(Saved entries)
════════════════

(* Let $M,N$ be sharp, integral monoids, $\Gamma$ an $M$-metrised graph, $f:M\to N$ a monoid homomorphism with edge contraction $\Gamma'$ of $\Gamma$ along $f$, and $D\in\operatorname{Div}(\Gamma)$. Then $r(f_*(D))\ge r(D)$ (rank in $\Gamma'$ versus rank in $\Gamma$).
   Context: Monoids are commutative, sharp (only unit $0$), integral (cancellative), with groupification; $\langle m\rangle=\{km:k\in\mathbb Z\}$ and for $x=km$, $m\ne0$, $x/m:=k$. A graph is $(X,r,i)$, $X$ finite, $r$ idempotent, $i$ an involution, $i(x)=x\iff r(x)=x$; vertices $V$ = fixed points, half-edges $H=X\setminus V$, edges $\{e,i(e)\}$ joining $r(e),r(i(e))$, $H_v=\{e\in H:r(e)=v\}$; graphs are connected. An $M$-metrised graph adds $l:X\to M$ with $l(i(x))=l(x)$, $l(x)=0\iff x\in V$. Divisors: free abelian group on $V$, pointwise order; $\operatorname{Div}^k_+$ = effective divisors of degree $k$. $\operatorname{PL}(\Gamma)=\{g:V\to M^{gp}: g(r(e))-g(r(i(e)))\in\langle l(e)\rangle\ \forall e\in H\}$; $\Delta(g)=\sum_{v}\big(\sum_{e\in H_v}\frac{g(v)-g(r(i(e)))}{l(e)}\big)[v]$; $D\sim D'$ iff $D-D'\in\Delta(\operatorname{PL}(\Gamma))$; $|D|=\{E\ge0:E\sim D\}$; $r(D)=\max\{k\in\mathbb Z:|D-F|\ne\emptyset\ \forall F\in\operatorname{Div}^k_+(\Gamma)\}$. The edge contraction of $\Gamma$ along $f$ is the $N$-metrised graph $\Gamma'$ obtained as the quotient of $X$ by the equivalence relation generated by $e\sim r(e)\sim i(e)\sim r(i(e))$ for every $e\in H$ with $f(l(e))=0$, with induced $r,i$ and length $f\circ l$; $\varphi$ is the quotient map and $f_*(D)=\sum_{v}D(v)[\varphi(v)]$. *)

From HB Require Import structures.
From mathcomp Require Import all_boot all_order all_algebra.
Set Implicit Arguments. Unset Strict Implicit. Unset Printing Implicit Defensive.
Import Order.TTheory GRing.Theory Num.Theory.
Local Open Scope ring_scope.

(** Monoids.  A commutative integral (cancellative) monoid is represented as
    a submonoid [M] of an abelian group [G]; its groupification [M^gp] is the
    subgroup {a - b : a, b in M}. *)
Definition monoid_closed (G : zmodType) (M : pred G) :=
  0 \in M /\ (forall a b, a \in M -> b \in M -> a + b \in M).
Definition sharp (G : zmodType) (M : pred G) :=
  forall a, a \in M -> - a \in M -> a = 0.
Definition sharp_int_monoid (G : zmodType) (M : pred G) :=
  monoid_closed M /\ sharp M.
Definition in_gp (G : zmodType) (M : pred G) (x : G) :=
  exists a b, [/\ a \in M, b \in M & x = a - b].
(** A monoid homomorphism M -> N (only its values on M matter). *)
Definition monoid_hom (G G' : zmodType) (M : pred G) (N : pred G') (f : G -> G') :=
  [/\ f 0 = 0, (forall a b, a \in M -> b \in M -> f (a + b) = f a + f b)
   & (forall a, a \in M -> f a \in N)].

Section Graph.
Variables (X : finType) (r i : X -> X).

Definition vertex (x : X) : bool := r x == x.

Definition is_graph :=
  [/\ (forall x, r (r x) = r x), (forall x, i (i x) = x)
    & (forall x, i x = x <-> r x = x)].

Definition adj : rel X :=
  fun x y => [exists e, [&& ~~ vertex e, r e == x & r (i e) == y]].
Definition connected := forall v w, vertex v -> vertex w -> connect adj v w.

Variables (G : zmodType) (M : pred G) (l : X -> G).

Definition metrised :=
  forall x, [/\ l (i x) = l x, l x \in M & (l x = 0 <-> vertex x)].

(** Divisors: integer functions; only their values on vertices matter. *)
Definition divisor := X -> int.
Definition deg (D : divisor) : int := \sum_(v | vertex v) D v.
Definition effective (D : divisor) := forall v, vertex v -> 0 <= D v.

Definition PL (g : X -> G) :=
  (forall v, vertex v -> in_gp M (g v)) /\
  (forall e, ~~ vertex e -> exists k : int, g (r e) - g (r (i e)) = l e *~ k).

(** Delta(g) = D : the slope s e is (g(r e) - g(r (i e))) / l(e), i.e. the
    integer k with g(r e) - g(r (i e)) = k * l(e) (unique since l e <> 0 has
    infinite order in M^gp for sharp integral M). *)
Definition laplacian_is (g : X -> G) (D : divisor) :=
  exists s : X -> int,
    (forall e, ~~ vertex e -> g (r e) - g (r (i e)) = l e *~ s e) /\
    (forall v, vertex v -> D v = \sum_(e | ~~ vertex e && (r e == v)) s e).

Definition principal (D : divisor) := exists g, PL g /\ laplacian_is g D.
Definition lin_equiv (D D' : divisor) := principal (fun x => D x - D' x).
Definition linsys_nonempty (D : divisor) :=
  exists E : divisor, effective E /\ lin_equiv E D.
Definition rank_cond (D : divisor) (k : int) :=
  forall F : divisor, effective F -> deg F = k ->
    linsys_nonempty (fun x => D x - F x).
Definition is_rank (D : divisor) (k : int) :=
  rank_cond D k /\ (forall k', rank_cond D k' -> k' <= k).
End Graph.

Section Contraction.
Variables (X : finType) (r i : X -> X) (G G' : zmodType) (l : X -> G) (f : G -> G').

Definition quad (e : X) : seq X := [:: e; r e; i e; r (i e)].
(** generators of the equivalence relation: e ~ r e ~ i e ~ r (i e)
    for half-edges e with f (l e) = 0 *)
Definition cgen : rel X :=
  fun x y => [exists e, [&& ~~ vertex r e, f (l e) == 0, x \in quad e & y \in quad e]].

Lemma cgen_sym : symmetric cgen.
Proof.
move=> x y; apply/existsP/existsP => -[e /and4P [h1 h2 h3 h4]];
  by exists e; rewrite h1 h2 h3 h4.
Qed.

(** the quotient set X' : representatives of the classes of connect cgen *)
Definition cX := {x : X | fingraph.root cgen x == x}.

════════════════

§ **Task goal**
Return every line from the records above that holds the word "cgen".

§ **Task solution**
Definition cgen : rel X :=
Lemma cgen_sym : symmetric cgen.
(** the quotient set X' : representatives of the classes of connect cgen *)
Definition cX := {x : X | fingraph.root cgen x == x}.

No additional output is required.